# INSTRUCTIONS FOR THE TASK:
With both ends included, repeat exactly the lines of the entries below from the one containing "move=> ba; have ob := order_gt0 b." down to the one containing "move=> xy; have", and no others.

Stored items:

(* Every nonzero element $a$ of a finite additive poset $A$ can be written as a sum of pairwise independent atoms of $A$. Moreover, in any such expansion of $a$, all the atoms lie in the tail $A_a$ of $a$.
   Context: An additive poset is a pair $(A,\le)$ where $A$ is an abelian group and $\le$ is a partial order on $A$ such that for all $a,b,c\in A$: $(\ast)$ if $b\le a$ and $c\le a$ then $b+c\le a$; $(\ast\ast)$ if $a\le b$ and $a\le c$ then $a\le a+b+c$. The tail of $a$ is $A_a=\{x:x\le a\}$. Elements $x,y$ are independent if $x\le x+y$. An atom is a nonzero $x$ with $A_x=\{0,x\}$. *)

From HB Require Import structures.
From mathcomp Require Import all_boot all_order all_algebra.
Set Implicit Arguments. Unset Strict Implicit. Unset Printing Implicit Defensive.
Import GRing.Theory.
Local Open Scope ring_scope.

Definition additive_poset (A : zmodType) (le : rel A) : Prop :=
  [/\ reflexive le, antisymmetric le, transitive le,
      (forall a b c : A, le b a -> le c a -> le (b + c) a) &
      (forall a b c : A, le a b -> le a c -> le a (a + b + c))].

Definition tail (A : finZmodType) (le : rel A) (a : A) : {set A} :=
  [set x | le x a].

Definition independent (A : zmodType) (le : rel A) (x y : A) : Prop :=
  le x (x + y).

Definition atom (A : finZmodType) (le : rel A) (x : A) : Prop :=
  x != 0 /\ tail le x = [set 0; x].

Definition atomic_expansion (A : finZmodType) (le : rel A) (a : A)
    (S : {set A}) : Prop :=
  [/\ (forall x, x \in S -> atom le x),
      (forall x y, x \in S -> y \in S -> x != y -> independent le x y) &
      \sum_(x in S) x = a].

From mathcomp Require Import all_boot all_order all_algebra all_fingroup.
Set Implicit Arguments.
Import GRing.Theory.
Local Open Scope ring_scope.

(* The axioms make every tail A_a a subgroup of A (in a finite group, -b is a
   positive multiple of b).  An atom x then satisfies 2x = 0, and for such x the
   elements independent of x are closed under addition; hence every atom of an
   expansion of a lies below a.  For existence, take an atom x <= a (a nonzero
   element of minimal tail below a); the tail of a - x is strictly smaller than
   that of a, and every atom below a - x is independent of x, so an expansion of
   a - x extends to one of a by adding x. *)

Lemma subr_eq_l (V : zmodType) (a x : V) : (a - x == a) = (x == 0).
Proof. by rewrite subr_eq -{1}[a]addr0 (inj_eq (addrI a)) eq_sym. Qed.

Section AdditivePoset.

Variables (A : finZmodType) (le : rel A).
Hypothesis hA : additive_poset le.

Lemma ap_refl a : le a a.
Proof. by case: hA => refl _ _ _ _; apply: refl. Qed.

Lemma ap_anti a b : le a b -> le b a -> a = b.
Proof. by case: hA => _ anti _ _ _ hab hba; apply: anti; rewrite hab hba. Qed.

Lemma ap_trans a b c : le a b -> le b c -> le a c.
Proof. by case: hA => _ _ trans _ _ hab hbc; apply: trans hbc. Qed.

Lemma ap_add a b c : le b a -> le c a -> le (b + c) a.
Proof. by case: hA => _ _ _ addC _; apply: addC. Qed.

Lemma ap_le_add3 a b c : le a b -> le a c -> le a (a + b + c).
Proof. by case: hA => _ _ _ _ add3; apply: add3. Qed.

Lemma ap_mulrn a b k : le b a -> (0 < k)%N -> le (b *+ k) a.
Proof.
move=> ba; case: k => // k _; elim: k => [|k IHk]; first by rewrite mulr1n.
by rewrite mulrS; apply: ap_add.
Qed.

Lemma ap_opp a b : le b a -> le (- b) a.
Proof.
move=> ba; have ob := order_gt0 b.
have b_order : b *+ #[b]%g = 0 by rewrite -FinRing.zmodXgE expg_order.
have -> : - b = b *+ (#[b]%g.-1 + #[b]%g).
  rewrite mulrnDr b_order addr0; apply/eqP; rewrite eq_sym -subr_eq0 opprK.
  by rewrite -mulrSr prednK // b_order.
by apply: ap_mulrn => //; rewrite addn_gt0 ob orbT.
Qed.

Lemma ap_sub a b c : le b a -> le c a -> le (b - c) a.
Proof. by move=> ba ca; apply: ap_add => //; apply: ap_opp. Qed.

Lemma ap_subr_le a x : le x a -> le (a - x) a.
Proof. by apply: ap_sub; apply: ap_refl. Qed.

Lemma ap_0le a : le 0 a.
Proof. by rewrite -(subrr a); apply: ap_sub; apply: ap_refl. Qed.

Lemma ap_le_opp b : le b (- b).
Proof. by have := ap_opp (ap_refl (- b)); rewrite opprK. Qed.

Lemma ap_le_addr_sub y a b : le y a -> le y b -> le y (y + (a - b)).
Proof.
by move=> ya yb; rewrite addrA; apply: ap_le_add3 => //; apply: ap_trans (ap_le_opp b).
Qed.

Lemma independent_sym x y : independent le x y -> independent le y x.
Proof.
move=> xy; have := ap_sub (ap_refl (x + y)) xy.
by rewrite [x + y]addrC addrK.
Qed.

Lemma independentD x s t : x + x = 0 ->
  independent le x s -> independent le x t -> independent le x (s + t).
Proof.
rewrite /independent => x2 xs xt; have := ap_le_add3 xs xt.
by rewrite [x + (x + s)]addrA x2 add0r addrCA.
Qed.

Lemma subset_tail a b : le a b -> tail le a \subset tail le b.
Proof. by move=> ab; apply/subsetP => z; rewrite !inE => /ap_trans; apply. Qed.

Lemma proper_tail a b : le a b -> a != b -> tail le a \proper tail le b.
Proof.
move=> ab nab; apply/properP; split; first exact: subset_tail.
exists b; rewrite !inE ?ap_refl //; apply/negP => /(ap_anti ab) eab.
by rewrite eab eqxx in nab.
Qed.

Lemma atom_addrr x : atom le x -> x + x = 0.
Proof.
case=> nx0 tail_x; have : x + x \in tail le x by rewrite inE ap_add ?ap_refl.
rewrite tail_x !inE => /orP[/eqP // | /eqP xxx].
by move/eqP: xxx; rewrite -subr_eq0 addrK (negPf nx0).
Qed.

Lemma exists_atom_le a : a != 0 -> exists2 x, atom le x & le x a.
Proof.
move=> na0; have Pa : (a != 0) && le a a by rewrite na0 ap_refl.
case: (@arg_minnP _ a (fun b => (b != 0) && le b a) (fun b => #|tail le b|) Pa)
  => x /andP[nx0 xa] xmin.
exists x => //; split => //; apply/setP => y; rewrite !inE.
apply/idP/idP => [yx|]; last by case/orP => /eqP ->; [exact: ap_0le | exact: ap_refl].
have [-> // | ny0] := eqVneq y 0; apply/orP; right; apply/negPn/negP => nyx.
have := xmin y; rewrite ny0 (ap_trans yx xa) => /(_ isT).
by rewrite leqNgt (proper_card (proper_tail yx nyx)).
Qed.

Lemma atomic_expansion_le a S x : atomic_expansion le a S -> x \in S -> le x a.
Proof.
case=> atomS indepS <- xS; have x2 := atom_addrr (atomS x xS).
have : independent le x (\sum_(y in S | y != x) y).
  apply: (big_ind (independent le x)) => [|s t|y /andP[yS nyx]].
  - by rewrite /independent addr0 ap_refl.
  - exact: independentD.
  - by apply: indepS; rewrite // eq_sym.
by rewrite (bigD1 x xS).
Qed.

Lemma atomic_expansion_set1 x : atom le x -> atomic_expansion le x [set x].
Proof.
move=> atom_x; split; last by rewrite big_set1.
- by move=> y /set1P ->.
- by move=> y z /set1P -> /set1P ->; rewrite eqxx.
Qed.

Lemma atomic_expansion_setU1 a x S : atom le x -> le x a ->
  atomic_expansion le (a - x) S -> atomic_expansion le a (x |: S).
Proof.
move=> atom_x xa expS; have [nx0 _] := atom_x.
have Sle := atomic_expansion_le expS; case: expS => atomS indepS sumS.
have indep_x y : y \in S -> independent le y x.
  move=> yS; have yax := Sle y yS.
  by have := ap_le_addr_sub (ap_trans yax (ap_subr_le xa)) yax; rewrite subKr.
have xNS : x \notin S.
  apply/negP => /Sle xax; have := ap_add xax (ap_refl (a - x)).
  rewrite addrC subrK => /(ap_anti (ap_subr_le xa)) /eqP.
  by rewrite subr_eq_l (negPf nx0).
split; last by rewrite big_setU1 //= sumS addrC subrK.
- by move=> y /setU1P[-> | /atomS].
- move=> y z /setU1P[-> | yS] /setU1P[-> | zS] nyz.
  + by rewrite eqxx in nyz.
  + exact/independent_sym/indep_x.
  + exact: indep_x.
  + exact: indepS.
Qed.

Lemma exists_atomic_expansion a : a != 0 -> exists S, atomic_expansion le a S.
Proof.
have [n] := ubnP #|tail le a|; elim: n a => // n IHn a tail_a na0.
have [x atom_x xa] := exists_atom_le a na0.
have [ax0 | nax0] := eqVneq (a - x) 0.
  move/eqP: ax0; rewrite subr_eq0 => /eqP ->.
  by exists [set x]; apply: atomic_expansion_set1.
have [|S expS] := IHn (a - x) _ nax0; last by exists (x |: S); apply: atomic_expansion_setU1.
have nax : a - x != a by rewrite subr_eq_l; case: atom_x.
have shrink := proper_card (proper_tail (ap_subr_le xa) nax).
exact: leq_trans shrink tail_a.
Qed.

End AdditivePoset.

Theorem theorem6p3 (A : finZmodType) (le : rel A) (hA : additive_poset le)
    (a : A) (ha : a != 0) :
  (exists S : {set A}, atomic_expansion le a S) /\
  (forall S : {set A}, atomic_expansion le a S -> S \subset tail le a).
Proof.
split; first exact: exists_atomic_expansion.
move=> S expS; apply/subsetP => x xS; rewrite inE.
exact: atomic_expansion_le expS xS.
Qed.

# RESPONSE FOR THIS EXERCISE:
move=> ba; have ob := order_gt0 b.
have b_order : b *+ #[b]%g = 0 by rewrite -FinRing.zmodXgE expg_order.
have -> : - b = b *+ (#[b]%g.-1 + #[b]%g).
  rewrite mulrnDr b_order addr0; apply/eqP; rewrite eq_sym -subr_eq0 opprK.
  by rewrite -mulrSr prednK // b_order.
by apply: ap_mulrn => //; rewrite addn_gt0 ob orbT.
Qed.

Lemma ap_sub a b c : le b a -> le c a -> le (b - c) a.
Proof. by move=> ba ca; apply: ap_add => //; apply: ap_opp. Qed.

Lemma ap_subr_le a x : le x a -> le (a - x) a.
Proof. by apply: ap_sub; apply: ap_refl. Qed.

Lemma ap_0le a : le 0 a.
Proof. by rewrite -(subrr a); apply: ap_sub; apply: ap_refl. Qed.

Lemma ap_le_opp b : le b (- b).
Proof. by have := ap_opp (ap_refl (- b)); rewrite opprK. Qed.

Lemma ap_le_addr_sub y a b : le y a -> le y b -> le y (y + (a - b)).
Proof.
by move=> ya yb; rewrite addrA; apply: ap_le_add3 => //; apply: ap_trans (ap_le_opp b).
Qed.

Lemma independent_sym x y : independent le x y -> independent le y x.
Proof.
move=> xy; have := ap_sub (ap_refl (x + y)) xy.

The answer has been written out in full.